A typical suspension bridge structure 200 includes a main pillar 210 of a steel or reinforced concrete structure, a cable 220 suspended from the main pillar 210, a top plate or girder 230 of a long bridge, A bridge 240 for supporting the girder 230, a hanger 250 for hanging the cable 220 in the ground direction and an anchorage for fixing one side of the cable 220 to the ground, And a plurality of sensors are not directly attached to the suspension bridge structure 200. The plurality of sensors are not directly attached to the suspension bridge structure 200 and the drones 110 having the camera 120 are used to fly to a predetermined position of the structure 200, The detachable sensor module 140 is temporarily attached to a predetermined position of the structure by driving the mounted sensor attachment unit 130 and repeatedly using only one detachable sensor module 140 to damage the structure 200 Detection.

Accordingly, instead of sensing damage to the structure using a plurality of sensors as described above, only one detachable sensor module 140 is repeatedly used to detect the damage of the structure 200, .

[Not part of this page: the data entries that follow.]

(* Let $\mathbf C$ be a category with all finite limits and colimits, and let $\mathsf W,\mathsf C,\mathsf P,\mathsf Q$ be classes of morphisms of $\mathbf C$, each closed under composition and containing all identities, such that: (1) (2-out-of-3) if two of $f$, $g$, $gf$ lie in $\mathsf W$ then so does the third; (2) $\widehat{\mathsf W}=\mathsf W$ and $\widehat{\mathsf C}=\mathsf C$; (3) (a) $\mathsf P\subset\mathsf{RLP}(\mathsf C)$; (b) $\mathsf Q\subset\mathsf{RLP}(\mathsf C\cap\mathsf W)$; (4) every morphism $f$ factors (a) as $f=pi$ with $i\in\mathsf C$, $p\in\mathsf P$, and (b) as $f=qj$ with $j\in\mathsf C\cap\mathsf W$, $q\in\mathsf Q$; (5) $\mathsf P\subset\mathsf W$. Then $\mathsf W$, $\mathsf C$ and $\widehat{\mathsf Q}$ are the weak equivalences, cofibrations and fibrations of a model category structure on $\mathbf C$.
   Context: $\widehat{\mathsf S}$ denotes the class of morphisms that are retracts (in the arrow category) of elements of $\mathsf S$. $\mathsf{RLP}(\mathsf S)$ is the class of morphisms $p:E\to B$ such that for every commutative square $g\circ i=p\circ f$ with $i:A\to X$ in $\mathsf S$, $f:A\to E$, $g:X\to B$, there is $h:X\to E$ with $ph=g$ and $hi=f$. *)

Set Implicit Arguments.
Unset Strict Implicit.

Record Category := {
  Ob :> Type;
  Hom : Ob -> Ob -> Type;
  comp : forall x y z : Ob, Hom y z -> Hom x y -> Hom x z;
  idm : forall a : Ob, Hom a a;
  comp_assoc : forall a b c d (h : Hom c d) (g : Hom b c) (f : Hom a b),
      comp h (comp g f) = comp (comp h g) f;
  comp_id_l : forall a b (f : Hom a b), comp (idm b) f = f;
  comp_id_r : forall a b (f : Hom a b), comp f (idm a) = f
}.

Arguments Hom {_} _ _.
Arguments comp {_ x y z} _ _.
Arguments idm {_} _.

Declare Scope cat_scope.
Notation "g \o f" := (comp g f) (at level 40, left associativity) : cat_scope.
Open Scope cat_scope.

Section Defs.
Variable C : Category.

Definition MorClass := forall a b : C, Hom a b -> Prop.

Definition subclass (S T : MorClass) : Prop :=
  forall a b (f : Hom a b), S a b f -> T a b f.

Definition same_class (S T : MorClass) : Prop :=
  forall a b (f : Hom a b), S a b f <-> T a b f.

Definition capM (S T : MorClass) : MorClass :=
  fun a b f => S a b f /\ T a b f.

Definition closed_comp (S : MorClass) : Prop :=
  forall a b c (f : Hom a b) (g : Hom b c), S a b f -> S b c g -> S a c (g \o f).

Definition has_ids (S : MorClass) : Prop := forall a : C, S a a (idm a).

Definition two_out_of_three (W : MorClass) : Prop :=
  forall a b c (f : Hom a b) (g : Hom b c),
    (W _ _ f -> W _ _ g -> W _ _ (g \o f)) /\
    (W _ _ f -> W _ _ (g \o f) -> W _ _ g) /\
    (W _ _ g -> W _ _ (g \o f) -> W _ _ f).

Definition is_retract {A B X Y : C} (f : Hom A B) (g : Hom X Y) : Prop :=
  exists (i : Hom A X) (r : Hom X A) (j : Hom B Y) (s : Hom Y B),
    r \o i = idm A /\ s \o j = idm B /\ g \o i = j \o f /\ f \o r = s \o g.

Definition hat (S : MorClass) : MorClass :=
  fun A B f => exists (X Y : C) (g : Hom X Y), S X Y g /\ is_retract f g.

Definition RLP (S : MorClass) : MorClass :=
  fun E B p => forall (A X : C) (i : Hom A X), S A X i ->
    forall (f : Hom A E) (g : Hom X B), g \o i = p \o f ->
      exists h : Hom X E, p \o h = g /\ h \o i = f.

Definition LLP (S : MorClass) : MorClass :=
  fun A X i => forall (E B : C) (p : Hom E B), S E B p ->
    forall (f : Hom A E) (g : Hom X B), g \o i = p \o f ->
      exists h : Hom X E, p \o h = g /\ h \o i = f.

Definition is_terminal (T : C) : Prop :=
  forall a : C, exists u : Hom a T, forall v : Hom a T, v = u.

Definition is_initial (I : C) : Prop :=
  forall a : C, exists u : Hom I a, forall v : Hom I a, v = u.

Definition has_pullbacks : Prop :=
  forall (A B Z : C) (f : Hom A Z) (g : Hom B Z),
    exists (P : C) (p1 : Hom P A) (p2 : Hom P B), f \o p1 = g \o p2 /\
      forall (Q : C) (q1 : Hom Q A) (q2 : Hom Q B), f \o q1 = g \o q2 ->
        exists u : Hom Q P, (p1 \o u = q1 /\ p2 \o u = q2) /\
          forall v : Hom Q P, p1 \o v = q1 -> p2 \o v = q2 -> v = u.

Definition has_pushouts : Prop :=
  forall (Z A B : C) (f : Hom Z A) (g : Hom Z B),
    exists (P : C) (i1 : Hom A P) (i2 : Hom B P), i1 \o f = i2 \o g /\
      forall (Q : C) (q1 : Hom A Q) (q2 : Hom B Q), q1 \o f = q2 \o g ->
        exists u : Hom P Q, (u \o i1 = q1 /\ u \o i2 = q2) /\
          forall v : Hom P Q, v \o i1 = q1 -> v \o i2 = q2 -> v = u.

Definition has_finite_limits : Prop := (exists T : C, is_terminal T) /\ has_pullbacks.
Definition has_finite_colimits : Prop := (exists I : C, is_initial I) /\ has_pushouts.

Definition factors_through (L R : MorClass) : Prop :=
  forall a b (f : Hom a b), exists (m : C) (i : Hom a m) (p : Hom m b),
    L a m i /\ R m b p /\ f = p \o i.

(* (Closed) model category structure in the sense of Quillen /
   Dwyer–Spalinski, axioms MC1–MC5. *)
Definition is_model_structure (W Cof Fib : MorClass) : Prop :=
  has_finite_limits /\ has_finite_colimits /\
  two_out_of_three W /\
  subclass (hat W) W /\ subclass (hat Cof) Cof /\ subclass (hat Fib) Fib /\
  subclass Cof (LLP (capM Fib W)) /\ subclass (capM Cof W) (LLP Fib) /\
  factors_through Cof (capM Fib W) /\ factors_through (capM Cof W) Fib.

End Defs.

Open Scope cat_scope.
Set Implicit Arguments.

(* The proof rests
   on the retract argument: if p = q o i and p has the right lifting
   property against i, then p is a retract of q.  Together with the
   stability of RLP(S) under retracts, this gives the two facts that carry
   the theorem:
   - every morphism of P is a retract of a morphism of Q, so factorisation
     (4a) is a factorisation into a cofibration followed by a trivial
     fibration;
   - a trivial fibration p in Q^ /\ W has the RLP against all cofibrations:
     factor p = q o j by (4a); 2-out-of-3 and P <= W put j in C /\ W, so p is
     a retract of q, which lifts against C by (3a).
   MC1, MC2 and MC3 for W and C are hypotheses; MC3 for Q^ is idempotence
   of retract closure, MC4b is (3b) transported to
   Q^, and MC5b is (4b) since Q <= Q^. *)

Section Retracts.
Variable C : Category.

Lemma retract_refl (X Y : C) (g : Hom X Y) : is_retract g g.
Proof.
  exists (idm X), (idm X), (idm Y), (idm Y).
  repeat split; rewrite ?comp_id_l, ?comp_id_r; reflexivity.
Qed.

Lemma retract_trans (A B X Y U V : C) (f : Hom A B) (g : Hom X Y) (k : Hom U V) :
  is_retract f g -> is_retract g k -> is_retract f k.
Proof.
  intros [i [r [j [s [Hri [Hsj [Hgi Hfr]]]]]]]
         [i' [r' [j' [s' [Hri' [Hsj' [Hki' Hgr']]]]]]].
  exists (i' \o i), (r \o r'), (j' \o j), (s \o s'). repeat split.
  - rewrite <- comp_assoc, (comp_assoc r' i' i), Hri', comp_id_l. exact Hri.
  - rewrite <- comp_assoc, (comp_assoc s' j' j), Hsj', comp_id_l. exact Hsj.
  - rewrite comp_assoc, Hki', <- !comp_assoc, Hgi. reflexivity.
  - rewrite comp_assoc, Hfr, <- !comp_assoc, Hgr'. reflexivity.
Qed.

Lemma subclass_hat (S : MorClass C) : subclass S (hat S).
Proof. intros X Y g Hg. exists X, Y, g. split; [exact Hg | apply retract_refl]. Qed.

Lemma hat_mono (S T : MorClass C) : subclass S T -> subclass (hat S) (hat T).
Proof. intros HST A B f [X [Y [g [Hg Hr]]]]. exists X, Y, g. auto. Qed.

Lemma hat_idem (S : MorClass C) : subclass (hat (hat S)) (hat S).
Proof.
  intros A B f [X [Y [g [[U [V [k [Hk Hgk]]]] Hfg]]]].
  exists U, V, k. split; [exact Hk | eapply retract_trans; eauto].
Qed.

End Retracts.

Section Lifting.
Variable C : Category.

Lemma rlp_antitone (S T : MorClass C) : subclass S T -> subclass (RLP T) (RLP S).
Proof. intros HST E B p Hp A X i Hi. apply Hp, HST, Hi. Qed.

Lemma rlp_retract (S : MorClass C) (E B X Y : C) (p : Hom E B) (q : Hom X Y) :
  RLP S q -> is_retract p q -> RLP S p.
Proof.
  intros Hq [i [r [j [s [Hri [Hsj [Hqi Hpr]]]]]]] A K a Ha f g Hsq.
  destruct (Hq A K a Ha (i \o f) (j \o g)) as [h [Hqh Hha]].
  { rewrite <- comp_assoc, Hsq, !comp_assoc, Hqi. reflexivity. }
  exists (r \o h). split.
  - rewrite comp_assoc, Hpr, <- comp_assoc, Hqh, comp_assoc, Hsj, comp_id_l.
    reflexivity.
  - rewrite <- comp_assoc, Hha, comp_assoc, Hri, comp_id_l. reflexivity.
Qed.

Lemma hat_rlp (S : MorClass C) : subclass (hat (RLP S)) (RLP S).
Proof. intros A B f [X [Y [g [Hg Hr]]]]. eapply rlp_retract; eauto. Qed.

(* The retract argument: if p = q o i and p lifts against i, then p is a
   retract of q (with the lift r : M -> E as retraction of i). *)
Lemma retract_argument (S : MorClass C) (E M B : C)
  (i : Hom E M) (q : Hom M B) (p : Hom E B) :
  RLP S p -> S _ _ i -> p = q \o i -> is_retract p q.
Proof.
  intros Hp Hi Hpq.
  destruct (Hp E M i Hi (idm E) q) as [r [Hpr Hri]].
  { rewrite comp_id_r. symmetry; exact Hpq. }
  exists i, r, (idm B), (idm B). repeat split.
  - exact Hri.
  - apply comp_id_l.
  - rewrite comp_id_l. symmetry; exact Hpq.
  - rewrite comp_id_l. exact Hpr.
Qed.

End Lifting.

Section Recognition.
Variables (C : Category) (W Cf P Q : MorClass C).
Hypothesis W_2of3 : two_out_of_three W.
Hypothesis P_rlp : subclass P (RLP Cf).
Hypothesis Q_rlp : subclass Q (RLP (capM Cf W)).
Hypothesis factor_P : factors_through Cf P.
Hypothesis factor_Q : factors_through (capM Cf W) Q.
Hypothesis P_W : subclass P W.

Lemma fibration_rlp : subclass (hat Q) (RLP (capM Cf W)).
Proof.
  intros A B f Hf. apply hat_rlp. exact (hat_mono Q_rlp Hf).
Qed.

(* Every morphism of P is a fibration: factor it by (4b) and apply the
   retract argument, using that P lifts against all cofibrations. *)
Lemma P_fibration : subclass P (hat Q).
Proof.
  intros E B p Hp.
  destruct (factor_Q _ _ p) as [M [j [q [Hj [Hq Hpq]]]]].
  exists M, B, q. split; [exact Hq |].
  eapply retract_argument; [| exact Hj | exact Hpq].
  apply (rlp_antitone (T := Cf)); [intros ? ? ? [H _]; exact H | exact (P_rlp Hp)].
Qed.

Lemma trivial_fibration_rlp : subclass (capM (hat Q) W) (RLP Cf).
Proof.
  intros E B p [Hp HpW].
  destruct (factor_P _ _ p) as [M [j [q [Hj [Hq Hpq]]]]].
  assert (HjW : W _ _ j).
  { destruct (W_2of3 _ _ _ j q) as [_ [_ H]].
    apply H; [exact (P_W Hq) | rewrite <- Hpq; exact HpW]. }
  apply (rlp_retract (P_rlp Hq)).
  eapply retract_argument; [exact (fibration_rlp Hp) | split; eassumption | exact Hpq].
Qed.

End Recognition.

Theorem mainTheorem17 (C : Category) (W Cf P Q : MorClass C) :
  has_finite_limits C -> has_finite_colimits C ->
  closed_comp W -> has_ids W -> closed_comp Cf -> has_ids Cf ->
  closed_comp P -> has_ids P -> closed_comp Q -> has_ids Q ->
  two_out_of_three W ->
  same_class (hat W) W -> same_class (hat Cf) Cf ->
  subclass P (RLP Cf) -> subclass Q (RLP (capM Cf W)) ->
  factors_through Cf P -> factors_through (capM Cf W) Q ->
  subclass P W ->
  is_model_structure W Cf (hat Q).
Proof.
  intros HL HC _ _ _ _ _ _ _ _ H23 HW HCf HP HQ F1 F2 HPW.
  split; [exact HL | split; [exact HC | split; [exact H23 |]]].
  repeat split.
  -
    intros a b f Hf; apply HW; exact Hf.
  - intros a b f Hf; apply HCf; exact Hf.
  -
    apply hat_idem.
  -
    intros a x i Hi E B p Hp.
    exact (trivial_fibration_rlp H23 HP HQ F1 HPW Hp _ _ _ Hi).
  -
    intros a x i Hi E B p Hp. exact (fibration_rlp HQ Hp Hi).
  - (* MC5a: (4a), with P <= Q^ /\ W *)
    intros a b f. destruct (F1 a b f) as [m [i [p [Hi [Hp Hf]]]]].
    exists m, i, p. split; [exact Hi | split; [split | exact Hf]].
    + apply (P_fibration HP F2); exact Hp.
    + apply HPW; exact Hp.
  -
    intros a b f. destruct (F2 a b f) as [m [i [q [Hi [Hq Hf]]]]].
    exists m, i, q. split; [exact Hi | split; [| exact Hf]].
    apply subclass_hat; exact Hq.
Qed.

FIG. 3 is a block diagram of a damage detection system for a vibration based structure using a dron according to an embodiment of the present invention. FIG. 4 is a block diagram of a vibration detection system for a vibration based structure using a dron according to an embodiment of the present invention. FIG.

Referring to FIG. 3, a vibration based structure damage detection system 100 using a drone according to an embodiment of the present invention includes a drone 110, a camera 120, a sensor attachment unit 130, a detachable sensor module 140 A drone manipulator 150, a dron monitor 160, and a structure damage determiner 170.

The drones 110 are an unmanned aerial vehicle and fly so as to approach the structure 200 in order to attach one detachable sensor module 140 to the sensor attachment position 260 of the structure 200.

The camera 120 is mounted on the drone 110 to photograph the sensor attachment position 260 of the structure 200. The reason why the sensor attaching position 260 of the structure 200 is photographed using the camera 120 is that the detachable sensor module 140 is controlled to the sensor attaching position 260 by the dronron manipulator 150, .

The sensor attaching unit 130 is installed on the drone 110 and is remotely controlled by the drone manipulator 150 to attach or detach the detachable sensor module 140 to or from the structure 200. Here, the sensor attaching unit 130 is mounted on the dron 110, and is remotely controlled by the dron controller 150.

The detachable sensor module 140 is a sensor for detecting the damage of the structure 200 and is attached to a sensor attaching position 260 of the structure 200 to measure the structure 200 And is then detached from the structure 200. At this time, the detachable sensor module 140 can measure the structure 200 by repeating detachment and attachment at each sensor attachment position 260 of the structure 200. Specifically, the detachable sensor module 140 measures a sensor attachment position 260 of the structure 200 using a vibration-based nondestructive inspection method, and then measures the position of the next sensor of the structure 200 by the dragon 110 And moves to the attachment position 260 to further measure the structure 200.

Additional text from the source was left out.